====== SOURCE DATA
From Pilot Require Import Defs.
From HB Require Import structures.
From mathcomp Require Import all_boot all_order all_algebra all_fingroup.
From mathcomp Require Import reals lra.
Import Order.TTheory GRing.Theory Num.Theory.
Local Open Scope ring_scope.
Set Implicit Arguments. Unset Strict Implicit. Unset Printing Implicit Defensive.

(* Buyer [greedy] values every item at 1 and buyer [single k] values only
   item k, at 1. Prices 1 support the allocation of item k to [single k], and
   no Walrasian price can be below 1, so the minimum Walrasian revenue is m.
   In the auction, as long as the greedy buyer has won nothing, it and the
   single-minded buyer of the current item bid 1 and the seller favours the
   greedy buyer; afterwards everybody bids 0 and each remaining item goes to
   its single-minded buyer for free, so the revenue is 1. Since no bundle is
   worth more than 1, no deviation pays: a single-minded buyer can take its
   item from the greedy buyer only by bidding at least 1, and a deviating
   greedy buyer pays at least 1 for the first item it wins, against the bid 1
   of that item's single-minded buyer. *)

Section Extend.
Variables (R : realType) (n : nat) (s : 'I_n -> strategy R n).
Notation p0 := (@prof0 R n).
Implicit Types (h : history R n).

Lemma size_extend r h : size (extend s r h) = (size h + r)%N.
Proof. by elim: r h => [|r IH] h /=; rewrite ?addn0 // IH size_rcons addSnnS. Qed.

Lemma take_extend r h k : (k <= size h)%N -> take k (extend s r h) = take k h.
Proof.
elim: r h => [|r IH] h hk //=.
by rewrite IH ?size_rcons ?(leq_trans hk) // -cats1 takel_cat.
Qed.

Lemma nth_extend_old r h k :
  (k < size h)%N -> nth p0 (extend s r h) k = nth p0 h k.
Proof.
by move=> hk; rewrite -(nth_take _ hk) (take_extend _ (leqnn _)) take_size.
Qed.

Lemma nth_extend_new r h k : (size h <= k < size h + r)%N ->
  nth p0 (extend s r h) k = (fun i => s i (take k (extend s r h))).
Proof.
elim: r h => [|r IH] h /andP[hk kr]; first by rewrite addn0 ltnNge hk in kr.
rewrite /=; case: (ltngtP (size h) k) hk => // [hk|<-] _.
  by rewrite IH // size_rcons hk addSnnS.
rewrite nth_extend_old ?size_rcons // nth_rcons ltnn eqxx.
by rewrite take_extend ?size_rcons // -cats1 take_size_cat.
Qed.

End Extend.

Section Valuations.
Variables (R : realType) (n m : nat) (v : 'I_n -> 'I_m -> R).
Implicit Types (i : 'I_n) (S : {set 'I_m}).

Lemma ud_val_set0 i : ud_val v i set0 = 0.
Proof. by rewrite /ud_val eqxx. Qed.

Lemma ud_val_le i S c : 0 <= c -> {in S, forall j, v i j <= c} ->
  ud_val v i S <= c.
Proof. by move=> c_ge0 vS; rewrite /ud_val; case: ifP => // _; apply: bigmax_le. Qed.

Lemma le_ud_val i S j : j \in S -> v i j <= ud_val v i S.
Proof.
move=> jS; rewrite /ud_val; case: eqP => [S0|_]; last exact: le_bigmax_cond.
by rewrite S0 inE in jS.
Qed.

Lemma ud_val_ge0 i S : (forall j, 0 <= v i j) -> 0 <= ud_val v i S.
Proof.
move=> v_ge0; rewrite /ud_val; case: ifP => // _.
by elim/big_ind: _ => // x y x_ge0 _; rewrite le_max x_ge0.
Qed.

Lemma sum_bundles (alloc : 'I_m -> 'I_n) (F : 'I_m -> R) :
  \sum_i \sum_(j in [set j | alloc j == i]) F j = \sum_j F j.
Proof.
rewrite (partition_big alloc xpredT) //=; apply: eq_bigr => i _.
by apply: eq_bigl => j; rewrite inE.
Qed.

End Valuations.

Section Auction.
Variables (R : realType) (n m : nat) (tb : tiebreak R n).
Notation p0 := (@prof0 R n).
Implicit Types (H h : history R n) (s : 'I_n -> strategy R n) (i : 'I_n).

Lemma winner_take H t (k : 'I_m) :
  (k < t)%N -> winner tb (take t H) k = winner tb H k.
Proof. by move=> kt; rewrite /winner take_takel ?(ltnW kt) // nth_take. Qed.

Lemma mem_won1 H i (j : 'I_m) : (j \in won 1 tb H i) = (winner tb H j == i).
Proof.
rewrite inE; apply/existsP/idP => [[k /andP[/eqP <- wk]]|wj]; first by rewrite perm1.
by exists j; rewrite perm1 eqxx.
Qed.

Lemma upd_valid s i d : (forall j, valid_strategy (s j)) -> valid_strategy d ->
  forall j, valid_strategy (upd s i d j).
Proof. by move=> s_valid d_valid j; rewrite /upd; case: eqP. Qed.

Section Play.
Variables (s : 'I_n -> strategy R n) (h : history R n).
Hypothesis h_le : (size h <= m)%N.

Lemma size_play : size (play m s h) = m.
Proof. by rewrite size_extend subnKC. Qed.

Lemma leq_size_play (k : 'I_m) : (k <= size (play m s h))%N.
Proof. by rewrite size_play // ltnW. Qed.

Lemma take_play : take (size h) (play m s h) = h.
Proof. by rewrite take_extend // take_size. Qed.

Lemma nth_play_new k : (size h <= k < m)%N ->
  nth p0 (play m s h) k = (fun i => s i (take k (play m s h))).
Proof. by move=> hk; apply: nth_extend_new; rewrite subnKC. Qed.

Lemma winner_play_old (k : 'I_m) :
  (k < size h)%N -> winner tb (play m s h) k = winner tb h k.
Proof. by move=> hk; rewrite -(winner_take _ hk) take_play. Qed.

Lemma price_play_old (k : 'I_m) :
  (k < size h)%N -> price tb (play m s h) k = price tb h k.
Proof.
by move=> hk; rewrite /price -/(winner _ _ _) winner_play_old // nth_extend_old.
Qed.

Lemma play_bids_ge0 : (forall i, valid_strategy (s i)) ->
  forall (k : 'I_m) j, (size h <= k)%N -> 0 <= nth p0 (play m s h) k j.
Proof.
by move=> s_valid k j hk; rewrite nth_play_new ?hk ?ltn_ord //; apply: s_valid.
Qed.

End Play.

Definition paid_before k0 H i :=
  \sum_(k < m | (k < k0)%N && (winner tb H k == i)) price tb H k.
Definition paid_from k0 H i :=
  \sum_(k < m | (k0 <= k)%N && (winner tb H k == i)) price tb H k.

Definition utility_from (v : 'I_n -> 'I_m -> R) (sigma : {perm 'I_m}) k0 H i :=
  ud_val v i (won sigma tb H i) - paid_from k0 H i.

Lemma utility_split v sigma k0 H i :
  utility v sigma tb H i = utility_from v sigma k0 H i - paid_before k0 H i.
Proof.
rewrite /utility /utility_from /paid_before /paid_from.
rewrite (bigID (fun k : 'I_m => (k < k0)%N)) /= opprD addrA addrAC.
by congr (_ - _ - _); apply: eq_bigl => k; rewrite andbC -?leqNgt.
Qed.

Lemma paid_before_play s s' h i :
  paid_before (size h) (play m s h) i = paid_before (size h) (play m s' h) i.
Proof.
apply: eq_big => [k|k /andP[hk _]]; last by rewrite !price_play_old.
by case: ltnP => hk //=; rewrite !winner_play_old.
Qed.

Lemma utility_play_le v sigma s s' h i :
  utility_from v sigma (size h) (play m s' h) i <=
    utility_from v sigma (size h) (play m s h) i ->
  utility v sigma tb (play m s' h) i <= utility v sigma tb (play m s h) i.
Proof.
by move=> le_from; rewrite !(utility_split _ _ (size h)) (paid_before_play s' s) lerD2r.
Qed.

Section PaidFrom.
Variables (H : history R n) (k0 : nat).
Hypothesis bids_ge0 : forall (k : 'I_m) j, (k0 <= k)%N -> 0 <= nth p0 H k j.

Lemma paid_from_ge0 i : 0 <= paid_from k0 H i.
Proof. by apply: sumr_ge0 => k /andP[hk _]; apply: bids_ge0. Qed.

(* The winner pays its own bid, which is at least every rival's bid. *)
Lemma le_paid_from (t : 'I_m) i j : valid_tiebreak tb ->
  (k0 <= t)%N -> winner tb H t = i -> nth p0 H t j <= paid_from k0 H i.
Proof.
move=> tb_valid ht wt; apply: le_trans (tb_valid _ _ j) _.
rewrite /paid_from (bigD1 t) /=; last by rewrite ht wt eqxx.
rewrite -[X in X <= _]addr0; apply: lerD; first exact: lexx.
by apply: sumr_ge0 => k /andP[/andP[hk _] _]; apply: bids_ge0.
Qed.

End PaidFrom.

End Auction.

Section Construction.
Variables (R : realType) (m : nat).
Notation buyer := 'I_m.+1.
Notation hist := (history R m.+1).
Notation p0 := (@prof0 R m.+1).

Definition greedy : buyer := ord_max.
Definition single (k : 'I_m) : buyer := widen_ord (leqnSn m) k.

Variant buyer_spec : buyer -> Type :=
  | BuyerSingle k : buyer_spec (single k)
  | BuyerGreedy : buyer_spec greedy.

Lemma buyerP i : buyer_spec i.
Proof.
case: (unliftP ord_max i) => [k ->|->]; last exact: BuyerGreedy.
have -> : lift ord_max k = single k by apply: val_inj; exact: lift_max.
exact: BuyerSingle.
Qed.

Lemma single_neq_greedy k : single k != greedy.
Proof. by rewrite -(inj_eq val_inj) /= neq_ltn ltn_ord. Qed.

Lemma single_inj : injective single.
Proof. by move=> k l /(congr1 val) kl; apply: val_inj. Qed.

Lemma inord_single (k : 'I_m) : inord k = single k.
Proof. by apply: val_inj; rewrite /= inordK // ltnS ltnW. Qed.

Definition vals (i : buyer) (j : 'I_m) : R := ((i == greedy) || (i == single j))%:R.

Lemma vals_ge0 i j : 0 <= vals i j.
Proof. exact: ler0n. Qed.

Lemma vals_le1 i j : vals i j <= 1.
Proof. by rewrite lern1 leq_b1. Qed.

Lemma vals_greedy j : vals greedy j = 1.
Proof. by rewrite /vals eqxx. Qed.

Lemma vals_single k j : vals (single k) j = (k == j)%:R.
Proof. by rewrite /vals (negbTE (single_neq_greedy k)) (inj_eq single_inj). Qed.

Lemma ud_vals_le1 i S : ud_val vals i S <= 1.
Proof. by apply: ud_val_le => // j _; apply: vals_le1. Qed.

Lemma ud_vals_le_card i S : ud_val vals i S <= #|S|%:R.
Proof.
have [->|[j jS]] := set_0Vmem S; first by rewrite ud_val_set0 cards0.
by apply: le_trans (ud_vals_le1 i S) _; rewrite ler1n card_gt0; apply/set0Pn; exists j.
Qed.

Lemma ud_vals_greedy S : ud_val vals greedy S = (S != set0)%:R.
Proof.
have [->|[j jS]] := set_0Vmem S; first by rewrite ud_val_set0 eqxx.
have -> : S != set0 by apply/set0Pn; exists j.
by apply/le_anti; rewrite ud_vals_le1 -(vals_greedy j) le_ud_val.
Qed.

Lemma ud_vals_single k S : ud_val vals (single k) S = (k \in S)%:R.
Proof.
case: (boolP (k \in S)) => kS.
  have := le_ud_val vals (single k) kS; rewrite vals_single eqxx => ge1.
  by apply/le_anti; rewrite ud_vals_le1 ge1.
apply/le_anti; rewrite ud_val_ge0 ?andbT; last exact: vals_ge0.
apply: ud_val_le => // j jS; rewrite vals_single.
by case: eqP jS kS => // <- ->.
Qed.

Lemma walrasian_unit_prices : walrasian vals (fun=> 1) single.
Proof.
split=> // i T; apply: (@le_trans _ _ 0).
  by rewrite sumr_const subr_le0 ud_vals_le_card.
case: (buyerP i) => [k|].
  have -> : [set j | single j == single k] = [set k].
    by apply/setP => j; rewrite !inE (inj_eq single_inj).
  by rewrite big_set1 ud_vals_single set11 subrr.
have -> : [set j | single j == greedy] = set0.
  by apply/setP => j; rewrite !inE (negbTE (single_neq_greedy j)).
by rewrite big_set0 ud_val_set0 subrr.
Qed.

(* Each bundle is worth at most its size, so the utilities sum to at most
   m - \sum_j p j; but buyer [single k] can secure 1 - p k by buying item k
   alone, and the greedy buyer can secure 1 - p j0. *)
Lemma walrasian_prices_ge1 p alloc : walrasian vals p alloc -> forall j, 1 <= p j.
Proof.
move=> [_ best] j0.
pose B i := [set j | alloc j == i].
pose U i := ud_val vals i (B i) - \sum_(j in B i) p j.
have U_le : \sum_i U i <= m%:R - \sum_j p j.
  rewrite sumrB (sum_bundles alloc p) lerD2r.
  rewrite -[m in m%:R]card_ord -sumr_const -(sum_bundles alloc (fun=> 1)).
  by apply: ler_sum => i _; rewrite sumr_const ud_vals_le_card.
have U_ge i k : vals i k = 1 -> 1 - p k <= U i.
  move=> vik; apply: le_trans (best i [set k]).
  by rewrite big_set1 lerD2r -vik le_ud_val ?set11.
have U_sum : \sum_(k < m) (1 - p k) + (1 - p j0) <= \sum_i U i.
  rewrite [X in _ <= X]big_ord_recr lerD //.
    by apply: ler_sum => k _; apply: U_ge; rewrite vals_single eqxx.
  by apply: U_ge; rewrite vals_greedy.
move: U_sum; rewrite sumrB sumr_const card_ord => U_sum.
lra.
Qed.

Definition is_top (b : profile R m.+1) (i : buyer) := [forall j, b j <= b i].

Definition seller_tb : tiebreak R m.+1 := fun h b =>
  if is_top b greedy && (0 < b greedy) then greedy
  else if is_top b (inord (size h)) then inord (size h)
  else [arg max_(i > greedy) b i]%O.

Lemma seller_tb_valid : valid_tiebreak seller_tb.
Proof.
move=> h b i; rewrite /seller_tb.
case: ifP => [/andP[/forallP top _]|_]; first exact: top.
case: ifP => [/forallP top|_]; first exact: top.
by case: arg_maxP => // j _; apply.
Qed.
============
▶ BRIEF
Please copy each line of the records above in which the word "minded" can be found.

▶ ANSWER
   single-minded buyer of the current item bid 1 and the seller favours the
   its single-minded buyer for free, so the revenue is 1. Since no bundle is
   worth more than 1, no deviation pays: a single-minded buyer can take its
   of that item's single-minded buyer. *)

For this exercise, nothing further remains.